= 2002 Pennsylvania lieutenant gubernatorial election =

The Pennsylvania lieutenant gubernatorial election of 2002 was held on November 5, 2002. In Pennsylvania, the Lieutenant Governor is elected on the same ticket as the Governor, so the only campaign for this office was the primary election.

==Democratic primary==

===Candidates===
- John Lawless, State Representative (from Lower Providence Township)
- Thaddeus Kirkland, State Representative (from Chester)
- Catherine Baker Knoll, former State Treasurer (from McKees Rocks)
- Allen Kukovich, State Senator (from Manor)
- Ron Panza, Green Tree Borough Council President
- Ed Truax
- Jack Wagner, State Senator (from Pittsburgh)
- Ron Williams
- David Woodard

Pennsylvania Lt. Governor primary election, 2002
| Party |  | Candidate | Votes | % |
|---|---|---|---|---|
|  | Democratic | Catherine Baker Knoll | 264,528 | 25.4 |
|  | Democratic | Jack Wagner | 233,680 | 22.4 |
|  | Democratic | Allen Kukovich | 213,070 | 20.4 |
|  | Democratic | John Lawless | 97,231 | 9.3 |
|  | Democratic | Thaddeus Kirkland | 81,092 | 7.8 |
|  | Democratic | Ron Panza | 78,389 | 7.5 |
|  | Democratic | Ron Williams | 38,984 | 3.7 |
|  | Democratic | Edward C. Truax | 22,754 | 2.2 |
|  | Democratic | J. David Woodard | 13,198 | 1.3 |

Catherine Baker Knoll won a narrow and surprising victory to become Rendell's running mate.
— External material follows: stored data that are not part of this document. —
(* A single rectangle, padded with empty ones. *)
Lemma cover2_rect (a b c d : R) : a <= b -> c <= d ->
  cover2 (fun p => a <= fst p < b /\ c <= snd p < d) ((b - a) * (d - c)).
Proof.
  intros Hab Hcd.
  exists (fun n => match n with O => a | _ => 0 end), (fun n => match n with O => b | _ => 0 end),
    (fun n => match n with O => c | _ => 0 end), (fun n => match n with O => d | _ => 0 end).
  split; [|split].
  - intros [|n]; lra.
  - intros p Hp. exists 0%nat. exact Hp.
  - intros eps Heps. exists 0%nat. intros n _.
    replace (sum_f_R0 _ n) with ((b - a) * (d - c)); [rewrite Rdist_eq; lra|].
    induction n as [|n IH]; simpl in *; [ring|rewrite <- IH; ring].
Qed.

Lemma cover2_union (A B : R * R -> Prop) (vA vB : R) :
  cover2 A vA -> cover2 B vB -> cover2 (fun p => A p \/ B p) (vA + vB).
Proof.
  intros (a1 & b1 & c1 & d1 & H1 & H2 & H3) (a2 & b2 & c2 & d2 & G1 & G2 & G3).
  exists (interleave a1 a2), (interleave b1 b2), (interleave c1 c2), (interleave d1 d2).
  split; [|split].
  - intro n. unfold interleave. destruct (Nat.even n); auto.
  - intros p [Hp|Hp].
    + destruct (H2 p Hp) as [n Hn]. exists (2 * n)%nat. now rewrite !interleave_even.
    + destruct (G2 p Hp) as [n Hn]. exists (S (2 * n)). now rewrite !interleave_odd.
  - eapply isum_ext; [|exact (isum_interleave _ _ _ _ H3 G3)].
    intro n. unfold interleave. now destruct (Nat.even n).
Qed.

Definition dilate (t cx cy : R) (A : R * R -> Prop) (p : R * R) : Prop :=
  A (cx + (fst p - cx) / t, cy + (snd p - cy) / t).

Lemma cover2_dilate (t cx cy : R) (A : R * R -> Prop) (v : R) :
  0 < t -> cover2 A v -> cover2 (dilate t cx cy A) (t * t * v).
Proof.
  intros Ht (a & b & c & d & Hle & Hcov & Hsum).
  exists (fun n => cx + t * (a n - cx)), (fun n => cx + t * (b n - cx)),
    (fun n => cy + t * (c n - cy)), (fun n => cy + t * (d n - cy)).
  split; [|split].
  - intro n. destruct (Hle n). split; nra.
  - intros [x y] Hp. destruct (Hcov _ Hp) as [n Hn]. exists n. simpl in *.
    replace x with (cx + t * ((x - cx) / t)) by (field; lra).
    replace y with (cy + t * ((y - cy) / t)) by (field; lra).
    set (zx := (x - cx) / t) in *. set (zy := (y - cy) / t) in *.
    destruct Hn as [[Ha Hb] [Hc Hd]]. split; split; nra.
  - eapply isum_ext; [|exact (isum_scal _ _ (t * t) Hsum)]. intro n. simpl. ring.
Qed.

(** * The planar outer measure [outer2] *)

Definition coverable (A : R * R -> Prop) : Prop := exists v, cover2 A v.

(* For a coverable set the infimum defining [outer2] exists (completeness of R). *)
Lemma outer2_spec (A : R * R -> Prop) : coverable A -> is_outer2 A (outer2 A).
Proof.
  intros [v0 Hv0]. unfold outer2. apply epsilon_spec.
  set (E := fun x => cover2 A (- x)).
  assert (Hb : bound E).
  { exists 0. intros x Hx. apply cover2_nonneg in Hx. lra. }
  assert (He : exists x, E x).
  { exists (- v0). unfold E. now rewrite Ropp_involutive. }
  destruct (completeness E Hb He) as [l [Hub Hleast]].
  exists (- l). split.
  - intros v Hv. assert (Ev : E (- v)) by (unfold E; now rewrite Ropp_involutive).
    apply Hub in Ev. lra.
  - intros e He0. apply NNPP. intro Hno.
    assert (Hub' : is_upper_bound E (l - e)).
    { intros x Hx. apply Rnot_lt_le. intro Hlt. apply Hno.
      exists (- x). split; [exact Hx|lra]. }
    apply Hleast in Hub'. lra.
Qed.

Lemma outer2_le_cover (A : R * R -> Prop) (v : R) : cover2 A v -> outer2 A <= v.
Proof. intro Hv. apply (outer2_spec A); [exists v|]; exact Hv. Qed.

Lemma outer2_nonneg (A : R * R -> Prop) : coverable A -> 0 <= outer2 A.
Proof.
  intro HA. apply Rnot_lt_le. intro Hneg.
  destruct (proj2 (outer2_spec A HA) (- outer2 A)) as [v [Hv Hlt]]; [lra|].
  apply cover2_nonneg in Hv. lra.
Qed.

Lemma outer2_le_approx (A B : R * R -> Prop) (k c : R) :
  coverable B -> 0 <= k ->
  (forall v, cover2 B v -> outer2 A <= k * v + c) -> outer2 A <= k * outer2 B + c.
Proof.
  intros HB Hk Hbound. apply Rnot_lt_le. intro Hlt.
  set (e := outer2 A - (k * outer2 B + c)).
  destruct (proj2 (outer2_spec B HB) (e / (k + 1))) as [v [Hv Hvlt]].
  { apply Rdiv_lt_0_compat; unfold e; lra. }
  specialize (Hbound v Hv).
  assert (Hke : k * (e / (k + 1)) < e).
  { apply (Rmult_lt_reg_r (k + 1)); [lra|].
    replace (k * (e / (k + 1)) * (k + 1)) with (k * e) by (field; lra). unfold e; nra. }
  assert (k * v <= k * (outer2 B + e / (k + 1))) by (apply Rmult_le_compat_l; lra).
  unfold e in *. lra.
Qed.

Lemma outer2_mono (A B : R * R -> Prop) :
  (forall p, A p -> B p) -> coverable B -> outer2 A <= outer2 B.
Proof.
  intros HAB HB. rewrite <- (Rmult_1_l (outer2 B)), <- (Rplus_0_r (_ * _)).
  apply outer2_le_approx; [exact HB|lra|].
  intros v Hv. rewrite Rmult_1_l, Rplus_0_r. apply outer2_le_cover.
  exact (cover2_sub _ _ _ HAB Hv).
Qed.

Lemma outer2_union (A B : R * R -> Prop) : coverable A -> coverable B ->
  coverable (fun p => A p \/ B p) /\
  outer2 (fun p => A p \/ B p) <= outer2 A + outer2 B.
Proof.
  intros [vA HA] [vB HB]. split; [exists (vA + vB); exact (cover2_union _ _ _ _ HA HB)|].
  rewrite <- (Rmult_1_l (outer2 A)).
  apply outer2_le_approx; [exists vA; exact HA|lra|]. intros wA HwA.
  rewrite Rplus_comm, <- (Rmult_1_l (outer2 B)).
  apply outer2_le_approx; [exists vB; exact HB|lra|]. intros wB HwB.
  rewrite !Rmult_1_l, Rplus_comm. apply outer2_le_cover. exact (cover2_union _ _ _ _ HwA HwB).
Qed.

Lemma outer2_dilate (t cx cy : R) (A : R * R -> Prop) : 0 < t -> coverable A ->
  coverable (dilate t cx cy A) /\ outer2 (dilate t cx cy A) <= t * t * outer2 A.
Proof.
  intros Ht [v Hv]. split; [exists (t * t * v); exact (cover2_dilate _ _ _ _ _ Ht Hv)|].
  rewrite <- (Rplus_0_r (_ * _)).
  apply outer2_le_approx; [exists v; exact Hv|nra|]. intros w Hw.
  rewrite Rplus_0_r. apply outer2_le_cover. exact (cover2_dilate _ _ _ _ _ Ht Hw).
Qed.

(** * Parallelograms and their 5-fold enlargements *)

Lemma inv_pow2_pos (k : nat) : 0 < / 2 ^ k.
Proof. apply Rinv_0_lt_compat, pow_lt. lra. Qed.

Definition ctr_x (P : prl) : R := (INR (pj P) + / 2) / 2 ^ (pk P).
Definition ctr_y (m : nat) (P : prl) : R := cs m P * ctr_x P + pb P + wd m / 2.

(* A parallelogram is bounded, hence coverable by one rectangle. *)
Lemma par_coverable (m : nat) (Q : prl) : coverable (par_set m Q).
Proof.
  set (L := / 2 ^ pk Q). assert (HL : 0 < L) by apply inv_pow2_pos.
  assert (Hw : 0 < wd m) by apply inv_pow2_pos.
  set (c := cs m Q). set (K := Rabs c * ((INR (pj Q) + 1) * L)).
  pose proof (pos_INR (pj Q)) as Hj.
  assert (HK : 0 <= K) by (unfold K; apply Rmult_le_pos; [apply Rabs_pos|nra]).
  eexists. eapply cover2_sub; [|apply (cover2_rect (INR (pj Q) * L) ((INR (pj Q) + 1) * L)
     (pb Q - K - 1) (pb Q + wd m + K + 1)); nra].
  intros [x y] [Hx Hy]. unfold dyad, Rdiv in Hx. simpl in *. fold L in Hx. fold c in Hy.
  assert (Hcx : Rabs (c * x) <= K).
  { unfold K. rewrite Rabs_mult. apply Rmult_le_compat_l; [apply Rabs_pos|].
    rewrite Rabs_pos_eq; nra. }
  pose proof (Rle_abs (c * x)). pose proof (Rle_abs (- (c * x))). rewrite Rabs_Ropp in *.
  split; lra.
Qed.

Lemma fiveR_in_dilate (m : nat) (Q : prl) (t : R) (p : R * R) : 5 < t -> fiveR m Q p ->
  dilate t (ctr_x Q) (ctr_y m Q) (par_set m Q) p.
Proof.
  intros Ht [Hx Hy]. fold (ctr_x Q) in Hx, Hy. fold (ctr_y m Q) in Hy.
  unfold dilate, par_set, dyad, Lp in *. simpl.
  assert (HL := inv_pow2_pos (pk Q)). assert (Hw : 0 < wd m) by apply inv_pow2_pos.
  set (zx := (fst p - ctr_x Q) / t). set (zy := (snd p - ctr_y m Q) / t).
  assert (Hzx : Rabs zx < / 2 ^ pk Q / 2).
  { unfold zx, Rdiv. rewrite Rabs_mult, Rabs_inv, (Rabs_pos_eq t) by lra.
    apply (Rmult_lt_reg_r t); [lra|]. rewrite Rmult_assoc, Rinv_l by lra. nra. }
  assert (Hzy : Rabs (zy - cs m Q * zx) < wd m / 2).
  { replace (zy - cs m Q * zx) with ((snd p - ctr_y m Q - cs m Q * (fst p - ctr_x Q)) / t)
      by (unfold zx, zy; field; lra).
    unfold Rdiv. rewrite Rabs_mult, Rabs_inv, (Rabs_pos_eq t) by lra.
    apply (Rmult_lt_reg_r t); [lra|]. rewrite Rmult_assoc, Rinv_l by lra. nra. }
  unfold ctr_y, ctr_x, Rdiv in *. set (L := / 2 ^ pk Q) in *. set (c := cs m Q) in *.
  apply Rabs_def2 in Hzx, Hzy. split; split; nra.
Qed.

Lemma le_sq_limit (X o a : R) : 0 <= a -> 0 <= o ->
  (forall t, a < t -> X <= t * t * o) -> X <= a * a * o.
Proof.
  intros Ha Ho Hbound. apply Rnot_lt_le. intro Hlt.
  set (D := X - a * a * o).
  set (h := Rmin 1 (D / ((2 * a + 1) * o + 1))).
  assert (Hh1 : h <= 1) by apply Rmin_l.
  assert (HhD : h * ((2 * a + 1) * o + 1) <= D).
  { apply Rle_trans with (D / ((2 * a + 1) * o + 1) * ((2 * a + 1) * o + 1)).
    - apply Rmult_le_compat_r; [nra|apply Rmin_r].
    - right. field. nra. }
  assert (Hh0 : 0 < h).
  { apply Rmin_glb_lt; [lra|]. apply Rdiv_lt_0_compat; unfold D; nra. }
  specialize (Hbound (a + h) ltac:(lra)). unfold D in HhD. nra.
Qed.

Lemma outer2_fiveR (m : nat) (Q : prl) :
  coverable (fiveR m Q) /\ outer2 (fiveR m Q) <= 25 * outer2 (par_set m Q).
Proof.
  assert (Hdil : forall t, 5 < t ->
            coverable (fiveR m Q) /\ outer2 (fiveR m Q) <= t * t * outer2 (par_set m Q)).
  { intros t Ht.
    destruct (outer2_dilate t (ctr_x Q) (ctr_y m Q) _ ltac:(lra) (par_coverable m Q))
      as [Hcov Hle].
    assert (Hsub := fun p => fiveR_in_dilate m Q t p Ht).
    split; [destruct Hcov as [v Hv]; exists v; eapply cover2_sub; eauto|].
    eapply Rle_trans; [apply outer2_mono; eauto|exact Hle]. }
  split; [apply (Hdil 6); lra|].
  replace 25 with (5 * 5) by ring.
  apply le_sq_limit; [lra|apply outer2_nonneg, par_coverable|].
  intros t Ht. apply Hdil, Ht.
Qed.

Definition union_fiveR (m : nat) (l : list prl) (p : R * R) : Prop :=
  exists Q, In Q l /\ fiveR m Q p.

Lemma outer2_union_fiveR (m : nat) (l : list prl) :
  coverable (union_fiveR m l) /\ outer2 (union_fiveR m l) <= 25 * sum_area m l.
Proof.
  induction l as [|Q l [IHcov IHle]].
  - assert (Hempty : cover2 (union_fiveR m nil) 0).
    { replace 0 with ((0 - 0) * (0 - 0)) by ring.
      eapply cover2_sub; [|apply cover2_rect; lra]. intros p [Q [[] _]]. }
    split; [exists 0; exact Hempty|]. simpl. rewrite Rmult_0_r.
    exact (outer2_le_cover _ _ Hempty).
  - destruct (outer2_fiveR m Q) as [HQcov HQle].
    destruct (outer2_union _ _ HQcov IHcov) as [Ucov Ule].
    assert (Hsplit : forall p, union_fiveR m (Q :: l) p ->
               fiveR m Q p \/ union_fiveR m l p).
    { intros p [Q' [[<-|HQ'] Hp]]; [left; exact Hp|right; exists Q'; auto]. }
    split; [destruct Ucov as [v Hv]; exists v; exact (cover2_sub _ _ _ Hsplit Hv)|].
    eapply Rle_trans; [exact (outer2_mono _ _ Hsplit Ucov)|]. simpl. lra.
Qed.

(** * Geometry of intersecting parallelograms *)

Definition meets (m : nat) (X Y : prl) : Prop :=
  exists p, par_set m X p /\ par_set m Y p.

Definition slope_incl (m : nat) (Y X : prl) : Prop :=
  forall y, slope_set m Y y -> slope_set m X y.

Lemma meets_sym (m : nat) (X Y : prl) : meets m X Y -> meets m Y X.
Proof. intros [p [HX HY]]. exists p. auto. Qed.

Lemma cs_in_slope (m : nat) (P : prl) : slope_set m P (cs m P).
Proof.
  unfold slope_set, cs, dyad, Rdiv. pose proof (inv_pow2_pos (slk m P)). split; nra.
Qed.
Jack Wanger, a State Senator from Pittsburgh, was the choice candidate of the party establishment. However, Allen Kukovich, a fellow senator from a Pittsburgh exurb, launched a vocal challenge to Wagner, that opened an ideological split within the party. Wagner ran as a traditional moderate with strong union ties, while Kukovich portrayed himself as a liberal. Knoll, a long time fixture in state politics, took advantage of the split and, using her strong support among women and senior citizens, scored an upset win.

==Republican primary==
Jane Earll, a State Senator from Erie was unopposed for the Republican nomination and thus became Fisher's running mate.